Pimicotinib Achieves Primary Endpoint in Phase 3 Trial for Tenosynovial Giant Cell Tumor

• Merck KGaA's pimicotinib demonstrated a significant objective response rate (ORR) of 54% at week 25 compared to 3.2% for placebo in the MANEUVER trial.
• The CSF-1R inhibitor showed efficacy in reducing joint stiffness and pain, as measured by NRS and BPI pain scores, respectively.
• Pimicotinib is poised to compete with existing TGCT therapies, including Daiichi Sankyo's Turalio and Ono Pharma's vimseltinib.
• Abbisko Therapeutics will collaborate with Merck on the registration of pimicotinib as a systemic therapy for TGCT in China.

Merck KGaA's pimicotinib, a CSF-1R inhibitor, has met its primary endpoint in the Phase 3 MANEUVER trial for the treatment of tenosynovial giant cell tumor (TGCT). The study demonstrated a statistically significant and clinically meaningful improvement in objective response rate (ORR) compared to placebo, positioning pimicotinib as a potential competitor in the TGCT therapy market.

The MANEUVER trial, a randomized, double-blind, placebo-controlled study, evaluated the efficacy and safety of pimicotinib in patients with TGCT. The primary endpoint, ORR at week 25, was achieved by 54% of patients treated with pimicotinib compared to 3.2% in the placebo group. This significant difference highlights the potential of pimicotinib as a targeted therapy for this rare and debilitating condition.

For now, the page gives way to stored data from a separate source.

(* Letting e -> 0: the neighbourhoods decrease to (closure C) + S. *)
Lemma mass_le_Msum : (rho0 C <= rho1 (setMsum (closure C) S))%E.
Proof.
pose U n := [set y : Rd R d | dist_set (setMsum C S) y < n.+1%:R^-1].
have U_meas n : measurable (U n) by exact: dist_sublevel_measurable.
have capU : setMsum (closure C) S = \bigcap_n U n.
  apply/seteqP; split=> y.
    move=> /(dist_Msum_le0 C0 S0 S_compact) y0 n _.
    by apply: le_lt_trans y0 _; rewrite invr_gt0.
  by move=> Uy; apply/(dist_Msum_le0 C0 S0 S_compact)/le0_of_lt_invn => n; exact: Uy.
have U_decr : {homo U : m n / (m <= n)%N >-> (n <= m)%O}.
  move=> m n mn; apply/subsetPset => y; rewrite /U /= => y_lt.
  by apply: lt_le_trans y_lt _; rewrite lef_pV2 ?posrE ?ltr0Sn // ler_nat.
have U0_fin : (rho1 (U 0%N) < +oo)%E.
  by apply: le_lt_trans rho1_fin; apply: le_measure; rewrite ?inE.
have := nonincreasing_cvg_mu U0_fin U_meas (bigcapT_measurable U_meas) U_decr.
rewrite -capU => cvg_U; rewrite -(cvg_lim _ cvg_U) //.
apply: lime_ge; first exact: cvgP cvg_U.
apply: nearW => n /=; apply: mass_le_neighbourhood.
by rewrite invr_gt0 ltr0Sn invf_le1 ?ler1n.
Qed.

End LocalMassTransport.

Lemma le_of_close (R : realType) (a b e : R) (I1 I2 : \bar R) :
  (`|a%:E - I1| <= e%:E)%E -> (`|b%:E - I2| <= e%:E)%E -> a <= b ->
  (I1 <= I2 + (e + e)%:E)%E.
Proof.
case: I1 => [r1||]; case: I2 => [r2||] //=; rewrite ?leey ?leNye // !lee_fin.
move=> a_close b_close ab.
have := ler_norm (a - r1); have := ler_norm (r1 - a); rewrite distrC.
have := ler_norm (b - r2); have := ler_norm (r2 - b); rewrite (distrC r2).
lra.
Qed.

Unset Implicit Arguments.

Section EmpiricalLimit.
Variables (R : realType) (d : nat) (T : R).
Variables (x : forall n : nat, 'I_n.+1 -> R -> 'rV[R]_d) (sigma : nat -> nat).
Variable rho : R -> {measure set (Rd R d) -> \bar R}.

Hypothesis rho_unif : forall e : R, 0 < e -> \forall k \near \oo,
  forall t : R, 0 <= t <= T -> let n := sigma k in
  dBL_le (fun f => ((n.+1%:R)^-1 * \sum_(i < n.+1) f (x n i t))%:E)
         (fun f => \int[rho t]_y (f y)%:E)%E e.

Lemma empirical_le_limit (F G : 'rV[R]_d -> R) (t0 t : R) :
  0 <= t0 <= T -> 0 <= t <= T -> BL1 F -> BL1 G ->
  (forall n i, F (x n i t0) <= G (x n i t)) ->
  (\int[rho t0]_y (F y)%:E <= \int[rho t]_y (G y)%:E)%E.
Proof.
move=> t0T tT BF BG FG; apply/lee_addgt0Pr => e e_gt0.
have e2_gt0 : 0 < e / 2 by rewrite divr_gt0.
have [N _ close] := rho_unif _ e2_gt0.
have /= dBL_N := close N (leqnn N).
rewrite (splitr e); apply: le_of_close (dBL_N t0 t0T F BF) (dBL_N t tT G BG) _.
rewrite ler_wpM2l ?invr_ge0 //; apply: ler_sum => i _; exact: FG.
Qed.
(* Write u := f(gamma 0)^T and B := X(1) - I = Gamma(0).  Both s |-> X(s) u and
   s |-> f(gamma s)^T solve the variational equation Z' = T Df(gamma) Z and agree
   at s = 0, so uniqueness for linear ODEs (an energy estimate on |Z|^2 plus
   Gronwall) and periodicity of gamma give X(1) u = u, i.e. B u = 0.  Since
   Q(0) = I - u w, w = 0 would make B kill u inside Im Q(0) = R^n; so w <> 0, and
   Q(0)^2 = Q(0) then forces w u = 1, making Q(0) a projection of rank n-1.  The
   same uniqueness makes X(t) invertible, so Q is smooth and conjugate to Q(0).
   For another family P, periodicity makes P(0) commute with X(1), hence with B.
   Injectivity of B on Im P(0) gives P(0) u = 0; surjectivity and Q(0) B = B give
   Im P(0) <= Im Q(0), with equality by rank, so P(0) = P(0) (Q(0) + u w) = Q(0)
   and P(t) = X(t) P(0) X(t)^-1 = Q(t). *)

From HB Require Import structures.
From mathcomp Require Import all_boot all_order all_algebra.
From mathcomp Require Import all_classical all_reals all_analysis.
From mathcomp Require Import ring lra zify.
Import Order.TTheory GRing.Theory Num.Theory.
Import numFieldNormedType.Exports.
Local Open Scope classical_set_scope.
Local Open Scope ring_scope.

Section CkAlgebra.
Context {R : realType} {V W : normedModType R}.

Lemma CkW {k} {f : V -> W} : Ck k.+1 f -> Ck k f.
Proof.
elim: k f => [|k IH] f [df Df]; first by move=> x; exact: differentiable_continuous.
by split=> // v; apply: IH.
Qed.

Lemma Ck_cst k (c : W) : Ck k (fun _ : V => c).
Proof.
elim: k c => [|k IH] c; first by move=> x; exact: cvg_cst.
split=> [x|v]; first exact: differentiable_cst.
have -> : (fun x => 'D_v (fun _ : V => c) x) = (fun _ => 0).
  by apply/funext => x; rewrite (derive_cst c).
exact: IH.
Qed.

Lemma CkD k (f g : V -> W) : Ck k f -> Ck k g -> Ck k (fun x => f x + g x).
Proof.
elim: k f g => [|k IH] f g.
  by move=> cf cg x; apply: continuousD; [exact: cf | exact: cg].
move=> [df Df] [dg Dg]; split=> [x|v]; first exact: differentiableD.
have -> : (fun x => 'D_v (fun x => f x + g x) x) = (fun x => 'D_v f x + 'D_v g x).
  by apply/funext => x; rewrite deriveD //; exact: diff_derivable.
exact: IH (Df v) (Dg v).
Qed.

Lemma CkZ k (c : R) (f : V -> W) : Ck k f -> Ck k (fun x => c *: f x).
Proof.
elim: k f => [|k IH] f.
  by move=> cf x; apply: continuousZ; [exact: cvg_cst | exact: cf].
move=> [df Df]; split=> [x|v]; first exact: differentiableZ.
have -> : (fun x => 'D_v (fun x => c *: f x) x) = (fun x => c *: 'D_v f x).
  by apply/funext => x; rewrite deriveZ //; exact: diff_derivable.
exact: IH (Df v).
Qed.

Lemma Ck_sum k (I : Type) (r : seq I) (P : pred I) (F : I -> V -> W) :
  (forall i, P i -> Ck k (F i)) -> Ck k (fun x => \sum_(i <- r | P i) F i x).
Proof.
move=> CF; rewrite -fct_sumE.
by apply: big_ind => //; [exact: Ck_cst | exact: CkD].
Qed.

Lemma Ck_linear {W' : normedModType R} k (L : W -> W') (f : V -> W) :
  linear L -> continuous L -> Ck k f -> Ck k (fun x => L (f x)).
Proof.
move=> linL cL.
pose LL : {linear W -> W'} := HB.pack L (GRing.isLinear.Build _ _ _ _ _ linL).
have cLL : continuous LL := cL.
have dL x : differentiable LL x := linear_differentiable x cLL.
elim: k f => [|k IH] f.
  by move=> cf x; apply: continuous_comp; [exact: cf | exact: cL].
move=> [df Df]; split=> [x|v]; first exact: (differentiable_comp (df x) (dL _)).
have -> : (fun x => 'D_v (fun x => L (f x)) x) = (fun x => L ('D_v f x)).
  apply/funext => x; rewrite (deriveE v (differentiable_comp (df x) (dL _))).
  by rewrite (diff_comp (df x) (dL _)) /= (diff_lin (f:=LL)) // deriveE.
exact: IH (Df v).
Qed.

End CkAlgebra.

Section CkReal.
Context {R : realType}.

Lemma CkSE {W : normedModType R} k (h : R -> W) :
  Ck k.+1 h <-> (forall x, differentiable h x) /\ Ck k (fun x => 'D_1 h x).
Proof.
split=> [[dh Dh]|[dh Dh]]; first by split => //; exact: Dh.
split=> // v.
have -> : (fun x => 'D_v h x) = (fun x => v *: 'D_1 h x).
  by apply/funext => x; rewrite !deriveE // diff1E // scale1r derive1E.
exact: CkZ.
Qed.

Lemma CkM k (s u : R -> R) : Ck k s -> Ck k u -> Ck k (fun x => s x * u x).
Proof.
elim: k s u => [|k IH] s u.
  by move=> cs cu x; apply: continuousM; [exact: cs | exact: cu].
move=> Cs Cu; have /CkSE[ds Ds] := Cs; have /CkSE[du Du] := Cu.
apply/CkSE; split=> [x|]; first exact: differentiableM.
have -> : (fun x => 'D_1 (fun x => s x * u x) x) =
    (fun x => s x * 'D_1 u x + u x * 'D_1 s x).
  by apply/funext => x; rewrite deriveM //; exact: diff_derivable.
by apply: CkD; apply: IH => //; exact: CkW.
Qed.

Lemma Ck_prod k (I : Type) (r : seq I) (P : pred I) (F : I -> R -> R) :
  (forall i, P i -> Ck k (F i)) -> Ck k (fun x => \prod_(i <- r | P i) F i x).
Proof.
move=> CF; rewrite -fct_prodE.
by apply: big_ind => //; [exact: Ck_cst | exact: CkM].
Qed.

Lemma CkV k (s : R -> R) : (forall x, s x != 0) -> Ck k s -> Ck k (fun x => (s x)^-1).
Proof.
move=> s_neq0; elim: k => [|k IH] Cs.
  by move=> x; apply: continuous_comp; [exact: Cs | exact: inv_continuous].
have /CkSE[ds Ds] := Cs; apply/CkSE; split=> [x|].
  exact: differentiableV.
have -> : (fun x => 'D_1 (fun x => (s x)^-1) x) =
    (fun x => (-1) *: ((s x)^-1 * ((s x)^-1 * 'D_1 s x))).
  apply/funext => x; rewrite deriveV //; last exact: diff_derivable.
  by rewrite scaleN1r mulrA -expr2 exprVn -mulNr.
have Cs_inv := IH (CkW Cs).
by apply: CkZ; apply: CkM => //; apply: CkM.
Qed.

End CkReal.

Section CkMatrix.
Context {R : realType}.

Lemma Ck_mxP {V : normedModType R} k m n (M : V -> 'M[R]_(m, n)) :
  Ck k M <-> forall i j, Ck k (fun x => M x i j).
Proof.
split=> [CM i j|CM].
  apply: (Ck_linear k (fun A : 'M[R]_(m, n) => A i j)) => //.
    by move=> a A B; rewrite !mxE.
  exact: coord_continuous.
have -> : M = (fun x => \sum_i \sum_j M x i j *: (delta_mx i j : 'M[R]_(m, n))).
  by apply/funext => x; rewrite {1}(matrix_sum_delta (M x)).
apply: Ck_sum => i _; apply: Ck_sum => j _.
apply: (Ck_linear k (fun a : R => a *: (delta_mx i j : 'M[R]_(m, n)))) => //.
  by move=> a x y; rewrite scalerDl scalerA.
exact: scalel_continuous.
Qed.

Lemma Ck_scalemx k m n (s : R -> R) (M : R -> 'M[R]_(m, n)) :
  Ck k s -> Ck k M -> Ck k (fun x => s x *: M x).
Proof.
move=> Cs /Ck_mxP CM; apply/Ck_mxP => i j.
under eq_fun do rewrite mxE.
exact: CkM.
Qed.

Lemma Ck_mulmx k m n p (A : R -> 'M[R]_(m, n)) (B : R -> 'M[R]_(n, p)) :
  Ck k A -> Ck k B -> Ck k (fun x => A x *m B x).
Proof.
move=> /Ck_mxP CA /Ck_mxP CB; apply/Ck_mxP => i j.
under eq_fun do rewrite mxE.
by apply: Ck_sum => l _; apply: CkM.
Qed.

Lemma Ck_det k m (A : R -> 'M[R]_m) : Ck k A -> Ck k (fun x => \det (A x)).
Proof.
move=> /Ck_mxP CA; rewrite /determinant.
apply: Ck_sum => s _; apply: CkM; first exact: Ck_cst.
by apply: Ck_prod => i _.
Qed.

Lemma Ck_cofactor k m (A : R -> 'M[R]_m) i j :
  Ck k A -> Ck k (fun x => cofactor (A x) i j).
Proof.
move=> /Ck_mxP CA; under eq_fun do rewrite expand_cofactor.
apply: Ck_sum => s _; apply: CkM; first exact: Ck_cst.
by apply: Ck_prod => l _.
Qed.

Lemma Ck_invmx k m (A : R -> 'M[R]_m) : (forall x, A x \in unitmx) ->
  Ck k A -> Ck k (fun x => invmx (A x)).
Proof.
move=> A_unit CA; apply/Ck_mxP => i j.
under eq_fun do rewrite /invmx A_unit !mxE.
apply: CkM; last exact: Ck_cofactor.
apply: CkV; last exact: Ck_det.
by move=> x; rewrite -unitfE -unitmxE.
Qed.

Clinical Efficacy and Secondary Endpoints

In addition to the primary endpoint, pimicotinib also demonstrated efficacy on key secondary endpoints. Patients treated with pimicotinib experienced a three-point reduction in joint stiffness based on the NRS measure, compared to a 0.57-point reduction in the placebo group. Furthermore, the BPI pain score showed a 2.32-point reduction with pimicotinib compared to a 0.23-point reduction with placebo. These results indicate that pimicotinib can provide meaningful improvements in both joint stiffness and pain, which are critical symptoms affecting the quality of life for TGCT patients.

Competitive Landscape

If approved, pimicotinib will compete with existing therapies such as Daiichi Sankyo's Turalio (pexidartinib), a CSF1R, KIT, and FLT3 inhibitor, and potentially Ono Pharma's CSF-1R inhibitor vimseltinib. Turalio, approved by the FDA in 2019, achieved an ORR of 38% in its pivotal ENLIVEN study, while pimicotinib demonstrated a 54% ORR in the MANEUVER trial. However, cross-trial comparisons should be made with caution due to differences in study designs and patient populations.

About TGCT

TGCT is a rare, non-malignant tumor that affects the joints and tendons. It is caused by the overproduction of the protein CSF-1, which leads to inflammation, proliferation of cells, and destruction of the joint matrix. This results in joint pain, swelling, stiffness, and limited range of motion, significantly impacting patients' daily lives. TGCT affects approximately 11 people per million worldwide.

Future Directions

Abbisko Therapeutics will collaborate with Merck on the registration of pimicotinib as the first systemic therapy for TGCT in China. The MANEUVER trial included both Asian and Western patients, supporting the potential for global registration and access to this novel therapy.